In the debate about the development of nuclear power in Finland, the Director General of the Finnish Radiation and Nuclear Safety Authority, Jukka Laaksonen, has written an article which is patronising, misleading and incorrect.

I will begin with the obvious error. Prof Schmitz Feuerhake referred to the KiKK study of child leukaemia near the German nuclear plants; Laaksonen’s response was there have been similar studies done since the 1970s which show no increases in child leukaemia. This is untrue. In reality, most of the studies which have looked have found such increases. KiKK is not new. In 1983 there was found a 10-fold excess of child leukaemia near the nuclear reprocessing plant at Sellafield. This was followed by the discovery of statistically significant excesses of child leukaemia near the Dounreay reactors in Scotland, near Hinkley Point reactors in Somerset, UK, near the Atomic Weapons site at Aldermaston UK, near the French reprocessing plant at La Hague in Normandy, near Kruemmel in Germany and so forth. It seemed to be a question of whether the plants discharged to areas where there was a geophysical source of transferring the radioactive material in the discharges to the mothers of the children, or the children themselves. In a 2007 meta-analysis of all the studies of child leukaemia near nuclear plants most of the studies showed excess rates. Of course, the response was always the same: the doses were too low. I will revisit this below.

And extremely relevant to the argument about the cause of the nuclear site child leukemias is a study I carried out of the increases of infant leukaemia (age 0-1) in those children who were in the womb at the time of the Chernobyl fallout. These infant leukaemia increases were reported from several countries, Greece, Germany, Wales, Scotland, Belarus even the USA by several different research groups. Comparison of the excess rates reported with the numbers predicted by the current risk model of the International Commission on Radiological Protection (ICRP) showed an error in that model of about 500 fold. This is also approximately the number needed to explain the nuclear site child leukemias but in the case of the Chernobyl infants in the womb, there is no other explanation but exposure to radionuclides.

But childhood leukemia is a very rare disease, with rates of about 6 per 100,000 children per year, and so to be able to detect changes you have to have a very large base population living in the exposure region, which is about 5km from the plant, or living where the plant sends its radioactive discharges (by sea, river or air).

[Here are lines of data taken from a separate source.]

(* Let $k\ge 2$ and $m\ge 5$ be integers and let $G$ be the complete $k$-partite graph $K(m,2,\ldots,2)$ (one part of size $m$ and $k-1$ parts of size $2$). Then $h(G)=ch(G)\ge k+1$.
   Context: All graphs are finite and simple. A list assignment $L$ to a graph $G$ assigns a finite set $L(v)$ to each vertex $v$; a proper $L$-coloring is a map $\psi$ with $\psi(v)\in L(v)$ for all $v$ and $\psi(u)\ne\psi(v)$ for every edge $uv$. The choice number $ch(G)$ is the least $k$ such that $G$ is properly $L$-colorable whenever $|L(v)|\ge k$ for all $v$. For a subgraph $H$ of $G$ and a color $\sigma$, let $H_\sigma$ denote the subgraph of $H$ induced by $\{v\in V(H):\sigma\in L(v)\}$, and let $\alpha$ denote the independence number (with $\alpha$ of the null graph equal to $0$). $G$ and $L$ satisfy Hall's condition if $\sum_{\sigma}\alpha(H_\sigma)\ge |V(H)|$ for every subgraph $H$ of $G$, the sum being over all colors. The Hall number $h(G)$ is the smallest positive integer $k$ such that $G$ has a proper $L$-coloring whenever $G$ and $L$ satisfy Hall's condition and $|L(v)|\ge k$ for every $v\in V(G)$. *)

From mathcomp Require Import all_boot.
Set Implicit Arguments. Unset Strict Implicit. Unset Printing Implicit Defensive.

(* Colors are natural numbers; a list assignment L assigns a finite list of
   colors to each vertex; L(v) is read as the set of its elements, so
   |L(v)| = size (undup (L v)). *)

Definition simple_graph (V : finType) (e : rel V) : Prop :=
  symmetric e /\ irreflexive e.

Definition list_assignment (V : finType) := V -> seq nat.

Definition list_size (V : finType) (L : list_assignment V) (v : V) : nat :=
  size (undup (L v)).

Definition L_colorable (V : finType) (e : rel V) (L : list_assignment V) : Prop :=
  exists psi : V -> nat,
    (forall v, psi v \in L v) /\ (forall x y, e x y -> psi x != psi y).

Definition choosable (V : finType) (e : rel V) (k : nat) : Prop :=
  forall L : list_assignment V, (forall v, k <= list_size L v) -> L_colorable e L.

Definition is_choice_number (V : finType) (e : rel V) (c : nat) : Prop :=
  choosable e c /\ forall k, choosable e k -> c <= k.

Definition is_subgraph (V : finType) (e : rel V) (S : {set V}) (eH : rel V) : Prop :=
  forall x y, eH x y -> [&& e x y, x \in S & y \in S].

Definition independent (V : finType) (r : rel V) (I : {set V}) : bool :=
  [forall x in I, forall y in I, ~~ r x y].

Definition alpha (V : finType) (r : rel V) (A : {set V}) : nat :=
  \max_(I : {set V} | (I \subset A) && independent r I) #|I|.

(* all colors occurring in L (colors outside contribute alpha(null graph) = 0) *)
Definition colors (V : finType) (L : list_assignment V) : seq nat :=
  undup (flatten [seq L v | v <- enum V]).

Definition Hsigma (V : finType) (L : list_assignment V) (S : {set V}) (sigma : nat)
  : {set V} := [set v in S | sigma \in L v].

Definition hall_condition (V : finType) (e : rel V) (L : list_assignment V) : Prop :=
  forall (S : {set V}) (eH : rel V), is_subgraph e S eH ->
    \sum_(sigma <- colors L) alpha eH (Hsigma L S sigma) >= #|S|.

Definition hall_good (V : finType) (e : rel V) (k : nat) : Prop :=
  forall L : list_assignment V, hall_condition e L ->
    (forall v, k <= list_size L v) -> L_colorable e L.

Definition is_hall_number (V : finType) (e : rel V) (h : nat) : Prop :=
  0 < h /\ hall_good e h /\ forall k, 0 < k -> hall_good e k -> h <= k.

Definition Kpart_vertex (m k : nat) : finType := ('I_m + ('I_k.-1 * 'I_2))%type.

Definition Kpart_part (m k : nat) (x : Kpart_vertex m k) : nat :=
  match x with inl _ => 0 | inr p => (nat_of_ord p.1).+1 end.

Definition Kpart_edge (m k : nat) : rel (Kpart_vertex m k) :=
  fun x y => Kpart_part x != Kpart_part y.

From mathcomp Require Import all_boot zify.
From Stdlib Require Import Classical Wf_nat.
Set Implicit Arguments. Unset Strict Implicit. Unset Printing Implicit Defensive.

(* On a graph whose vertices are split into n independent parts, lists of size
   at least n always satisfy Hall's condition: each H_sigma splits along the
   parts into n independent sets, so |H_sigma| <= n alpha(H_sigma), and summing
   over sigma gives n |S| <= sum |H_sigma| <= n sum alpha(H_sigma). Hence the
   Hall number equals the choice number as soon as some lists of size n admit
   no coloring (sizes below n cannot be Hall-good, since this is monotone).
   For K(m,2,...,2) give the two vertices of each 2-part the colors [0,k) and
   [k,2k) respectively: a proper coloring leaves free exactly one color s of
   the first block and one color t of the second on the big part, and five
   lists of size k inside [0,2k) ensure that one vertex of the big part sees
   neither s nor t. *)

Section ListColoring.

Variables (V : finType) (e : rel V).

Lemma choosable_mono a b : a <= b -> choosable e a -> choosable e b.
Proof. by move=> leab cha L HL; apply: cha => v; apply: leq_trans leab (HL v). Qed.

Lemma hall_good_mono a b : a <= b -> hall_good e a -> hall_good e b.
Proof. by move=> leab ha L hallL HL; apply: ha => // v; apply: leq_trans leab (HL v). Qed.

Lemma injective_list_coloring (L : list_assignment V) (s : seq V) :
  uniq s -> {in s, forall v, size s <= list_size L v} ->
  exists2 psi : V -> nat, {in s, forall v, psi v \in L v} & {in s &, injective psi}.
Proof.
elim: s => [|x s IHs] /=; first by exists (fun=> 0).
case/andP=> _ uniq_s HL.
have [psi psiL psi_inj] : exists2 psi : V -> nat,
    {in s, forall v, psi v \in L v} & {in s &, injective psi}.
  by apply: IHs => // v vs; apply: ltnW (HL v _); rewrite inE vs orbT.
have : ~~ all (fun c => c \in map psi s) (undup (L x)).
  apply/negP => /allP/(uniq_leq_size (undup_uniq _)).
  by rewrite size_map; have := HL x; rewrite inE eqxx /list_size; lia.
case/allPn => c cLx cNpsi.
exists (fun v => if v == x then c else psi v).
  by move=> v; rewrite inE; case: eqP => [-> _|_ /psiL //]; rewrite -mem_undup.
move=> u v; rewrite !inE.
case: (eqVneq u x) => [->|ux]; case: (eqVneq v x) => [->|vx] //= us vs.
- by move=> E; case/negP: cNpsi; rewrite E map_f.
- by move=> E; case/negP: cNpsi; rewrite -E map_f.
- exact: psi_inj.
Qed.

Lemma choosable_card : irreflexive e -> choosable e #|V|.
Proof.
move=> irr_e L HL.
have [psi psiL psi_inj] : exists2 psi : V -> nat,
    {in enum V, forall v, psi v \in L v} & {in enum V &, injective psi}.
  by apply: injective_list_coloring (enum_uniq _) _ => v _; rewrite -cardE.
exists psi; split => [v|x y exy]; first by rewrite psiL ?mem_enum.
apply: contraTneq exy => /psi_inj; rewrite !mem_enum => /(_ isT isT) ->.
by rewrite irr_e.
Qed.

Lemma exists_choice_number : irreflexive e -> exists c, is_choice_number e c.
Proof.
move=> irr_e.
have [c [[chc minc] _]] := @dec_inh_nat_subset_has_unique_least_element
  (choosable e) (fun n => classic _) (ex_intro _ _ (choosable_card irr_e)).
by exists c; split=> // j /minc /leP.
Qed.

Lemma leq_card_alpha (r : rel V) (A I : {set V}) :
  I \subset A -> independent r I -> #|I| <= alpha r A.
Proof. by move=> sIA indI; apply: (leq_bigmax_cond I); rewrite sIA indI. Qed.

Lemma list_size_le_count_colors (L : list_assignment V) v :
  list_size L v <= count (mem (L v)) (colors L).
Proof.
rewrite -size_filter; apply: uniq_leq_size (undup_uniq _) _ => c.
rewrite mem_undup mem_filter => cLv; rewrite /= cLv /colors mem_undup.
by apply/flattenP; exists (L v); rewrite // map_f ?mem_enum.
Qed.

Lemma card_Hsigma (L : list_assignment V) S sg :
  #|Hsigma L S sg| = \sum_(v in S) (sg \in L v).
Proof. by rewrite -sum1dep_card big_mkcondr. Qed.

Lemma hall_condition_multipartite n (part : V -> 'I_n) (L : list_assignment V) :
  (forall x y, e x y -> part x != part y) -> (forall v, n <= list_size L v) ->
  hall_condition e L.
Proof.
move=> part_e HL S eH sub_eH.
have [->|[v0 _]] := set_0Vmem S; first by rewrite cards0.
have n_gt0 : 0 < n := leq_ltn_trans (leq0n _) (ltn_ord (part v0)).
have card_le_alpha sg : #|Hsigma L S sg| <= n * alpha eH (Hsigma L S sg).
  rewrite -sum1_card (partition_big part predT) //= -[n in n * _]card_ord.
  rewrite -sum_nat_const; apply: leq_sum => r _; rewrite sum1dep_card.
  apply: leq_card_alpha; first by apply/subsetP => v; rewrite inE => /andP[].
  apply/forall_inP => x; rewrite inE => /andP[_ /eqP xr].
  apply/forall_inP => y; rewrite inE => /andP[_ /eqP yr].
  apply: contraL (eqxx r) => /sub_eH/and3P[/part_e + _ _].
  by rewrite xr yr.
have sum_card_Hsigma : n * #|S| <= \sum_(sg <- colors L) #|Hsigma L S sg|.
  under eq_bigr do rewrite card_Hsigma.
  rewrite exchange_big /= mulnC -sum_nat_const; apply: leq_sum => v _.
  rewrite (leq_trans (HL v)) // (leq_trans (list_size_le_count_colors L v)) //.
  by rewrite -sum1_count big_mkcond.
rewrite -(leq_pmul2l n_gt0) (leq_trans sum_card_Hsigma) // big_distrr.
exact: leq_sum.
Qed.

Lemma choice_hall_number_gt k :
  irreflexive e ->
  (forall L, (forall v, k <= list_size L v) -> hall_condition e L) ->
  (exists2 L, forall v, k <= list_size L v & ~ L_colorable e L) ->
  exists c, is_choice_number e c /\ is_hall_number e c /\ k.+1 <= c.
Proof.
move=> irr_e hall_k [L0 L0k L0N].
have [c [chc minc]] := exists_choice_number irr_e.
have ltkc : k < c.
  by rewrite ltnNge; apply/negP => /choosable_mono/(_ chc) chk; apply/L0N/chk.
exists c; split=> //; split=> //; split; first exact: leq_ltn_trans ltkc.
split=> [L _|j _ hall_j]; first exact: chc.
have [lekj|ltjk] := leqP k j.
  apply: minc => L HL; apply: (hall_j L _ HL); apply: hall_k => v.
  exact: leq_trans lekj (HL v).
by case: L0N; apply: (hall_good_mono (ltnW ltjk) hall_j) => //; apply: hall_k.
Qed.

End ListColoring.

Lemma missing_value (T : eqType) n (f : 'I_n -> T) (r : seq T) :
  injective f -> uniq r -> size r = n.+1 -> (forall j, f j \in r) ->
  exists2 s, s \in r & {in r, forall c, c != s -> c \in codom f}.
Proof.
move=> f_inj uniq_r size_r f_r.
have uniq_f : uniq (codom f) by rewrite codomE map_inj_uniq ?enum_uniq.
have sub_f : {subset codom f <= r} by move=> _ /codomP[j ->].
have : ~~ all (fun c => c \in codom f) r.
  apply/negP => /allP/(uniq_leq_size uniq_r).
  by rewrite size_r size_codom card_ord ltnn.
case/allPn => s r_s sNf; exists s => // c r_c cs; apply/negPn/negP => cNf.
have uniq_scf : uniq [:: s, c & codom f] by rewrite /= inE negb_or eq_sym cs sNf cNf.
have sub_scf : {subset [:: s, c & codom f] <= r}.
  by apply/allP; rewrite /= r_s r_c; apply/allP.
have := uniq_leq_size uniq_scf sub_scf.
by rewrite /= size_codom card_ord size_r ltnn.
Qed.

Lemma uniq_iota_cat a n s : uniq s -> all (leq (a + n)) s -> uniq (iota a n ++ s).
Proof.
move=> uniq_s /allP s_ge; rewrite cat_uniq iota_uniq uniq_s andbT.
by apply/hasPn => c /s_ge; rewrite mem_iota; lia.
Qed.

Lemma all_leq_iota a b n : a <= b -> all (leq a) (iota b n).
Proof. by move=> leab; apply/allP => c; rewrite mem_iota; lia. Qed.

(* With p = k/2 and q = k - p, split [0,k) = A1 ++ A2 and [k,2k) = B1 ++ B2
   with |A1| = |B2| = p. The lists are A2 B2, A1 B1, A2 B1, then A1 B2 plus the
   last color of B1, and A1 B1 B2 minus that color: wherever s and t lie, one
   of them avoids both (the last two are needed because 2p may be k - 1). *)
Definition trap_list (k i : nat) : seq nat :=
  let p := k./2 in let q := k - p in
  match i with
  | 0 => iota p q ++ iota (k + q) p
  | 1 => iota 0 p ++ iota k q
  | 2 => iota p q ++ iota k q
  | 3 => iota 0 p ++ iota (k + q).-1 p.+1
  | _ => iota 0 p ++ iota k q.-1 ++ iota (k + q) p
  end.

Lemma trap_list_uniq k i : uniq (trap_list k i).
Proof.
rewrite /trap_list.
do 4 (case: i => [|i]; first by rewrite uniq_iota_cat ?iota_uniq ?all_leq_iota //; lia).
by rewrite !uniq_iota_cat ?iota_uniq ?all_cat ?all_leq_iota //; lia.
Qed.

Lemma trap_list_size k i : 2 <= k -> k <= size (trap_list k i).
Proof.
move=> hk; rewrite /trap_list.
do 4 (case: i => [|i]; first by rewrite size_cat !size_iota; lia).
by rewrite !size_cat !size_iota; lia.
Qed.

Lemma trap_list_avoids k s t : 2 <= k -> s < k -> k <= t < k + k ->
  exists2 i, i < 5 & {in trap_list k i, forall c, [&& c < k + k, c != s & c != t]}.
Proof.
move=> hk ltsk /andP[lekt ltt2k]; rewrite /trap_list.
have [ltsp|lesp] := ltnP s k./2; have [lttq|letq] := ltnP t (k + (k - k./2)).
- by exists 0 => // c; rewrite mem_cat !mem_iota; lia.
- by exists 2 => // c; rewrite mem_cat !mem_iota; lia.
- have [lttq'|letq'] := ltnP t (k + (k - k./2)).-1.
    by exists 3 => // c; rewrite mem_cat !mem_iota; lia.
  by exists 4 => // c; rewrite !mem_cat !mem_iota; lia.
- by exists 1 => // c; rewrite mem_cat !mem_iota; lia.
Qed.

Section CompleteMultipartite.

Variables m k : nat.

Local Notation G := (@Kpart_edge m k).

Definition Kpart_part_ord (x : Kpart_vertex m k) : 'I_k.-1.+1 :=
  if x is inr p then lift ord0 p.1 else ord0.

Lemma Kpart_edgeE x y : G x y = (Kpart_part_ord x != Kpart_part_ord y).
Proof. by case: x y => [i|[a b]] [j|[c d]]; rewrite /Kpart_edge -val_eqE /= ?lift0. Qed.

Lemma Kpart_edge_irreflexive : irreflexive G.
Proof. by move=> x; rewrite /Kpart_edge eqxx. Qed.

Lemma hall_condition_Kpart (L : list_assignment (Kpart_vertex m k)) :
  0 < k -> (forall v, k <= list_size L v) -> hall_condition G L.
Proof.
move=> k_gt0 HL; apply: (hall_condition_multipartite (part := Kpart_part_ord)).
  by move=> x y; rewrite Kpart_edgeE.
by move=> v; rewrite prednK.
Qed.

Definition bad_assignment : list_assignment (Kpart_vertex m k) :=
  fun v => match v with
           | inl i => trap_list k i
           | inr (_, b) => iota (b * k) k
           end.

Lemma bad_assignment_size v : 2 <= k -> k <= list_size bad_assignment v.
Proof.
move=> hk; rewrite /list_size; case: v => [i|[_ b]] /=.
  by rewrite undup_id ?trap_list_uniq ?trap_list_size.
by rewrite undup_id ?iota_uniq ?size_iota.
Qed.

Section Coloring.

Variable psi : Kpart_vertex m k -> nat.
Hypothesis psi_L : forall v, psi v \in bad_assignment v.
Hypothesis psi_proper : forall x y, G x y -> psi x != psi y.

Lemma bad_assignment_block_color (b : 'I_2) : 0 < k ->
  exists2 s, s \in iota (b * k) k &
    forall i, psi (inl i) \in iota (b * k) k -> psi (inl i) = s.
Proof.
move=> k_gt0; pose f (j : 'I_k.-1) := psi (inr (j, b)).
have f_inj : injective f.
  move=> j1 j2 /eqP; apply: contraTeq => j12.
  by apply: psi_proper; rewrite /Kpart_edge /= eqSS.
have [|s r_s f_s] := missing_value f_inj (iota_uniq _ _) _ (fun j => psi_L _).
  by rewrite size_iota prednK.
exists s => // i r_i; apply/eqP; apply: contraT => i_s.
have /codomP[j fj] := f_s _ r_i i_s.
by have := @psi_proper (inl i) (inr (j, b)) isT; rewrite fj eqxx.
Qed.

End Coloring.

Lemma bad_assignment_not_colorable : 2 <= k -> 5 <= m -> ~ L_colorable G bad_assignment.
Proof.
move=> hk hm [psi [psi_L psi_proper]]; have k_gt0 : 0 < k by lia.
have [s] := bad_assignment_block_color psi_L psi_proper ord0 k_gt0.
rewrite mem_iota /= => r_s side_s.
have [t] := bad_assignment_block_color psi_L psi_proper ord_max k_gt0.
rewrite mem_iota /= => r_t side_t.
have [i lti5 avoid] : exists2 i, i < 5 &
    {in trap_list k i, forall c, [&& c < k + k, c != s & c != t]}.
  by apply: trap_list_avoids; lia.
pose i' : 'I_m := Ordinal (leq_trans lti5 hm).
have /and3P[lt2k i's i't] := avoid _ (psi_L (inl i')).
have [ltk|gek] := ltnP (psi (inl i')) k.
  by move/eqP: i's; apply; apply: side_s; rewrite mem_iota /= mul0n add0n.
by move/eqP: i't; apply; apply: side_t; rewrite mem_iota /= mul1n; apply/andP.
Qed.

End CompleteMultipartite.

Theorem corollaryD (k m : nat) (hk : 2 <= k) (hm : 5 <= m) :
  exists c : nat,
    is_choice_number (@Kpart_edge m k) c /\
    is_hall_number (@Kpart_edge m k) c /\
    k.+1 <= c.
Proof.
apply: choice_hall_number_gt (@Kpart_edge_irreflexive m k) _ _.
  by move=> L; apply: hall_condition_Kpart; lia.
exists (@bad_assignment m k); first by move=> v; apply: bad_assignment_size.
exact: bad_assignment_not_colorable.
Qed.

Since child leukaemia follows genetic damage in the womb, the same genetic damage will occur in adults and will lead to increases in cancers which have a much higher incidence rate. We have studied female breast cancer near nuclear sites in the UK and in areas where contaminated sea sediment appears on the coastal areas near the nuclear sites. In two different nuclear power plants in the UK, Hinkley Point in Somerset and Bradwell in Essex we have found a statistically significant doubling in female breast cancer risk in those populations living next to the coast. In both these studies, the UK government has followed up our work and had to concede it is correct, yet again the same argument is deployed as was made by Jukka Laaksonen, that the doses were too low to cause the effect and therefore it cannot be the radiation. This brings me to the explanation.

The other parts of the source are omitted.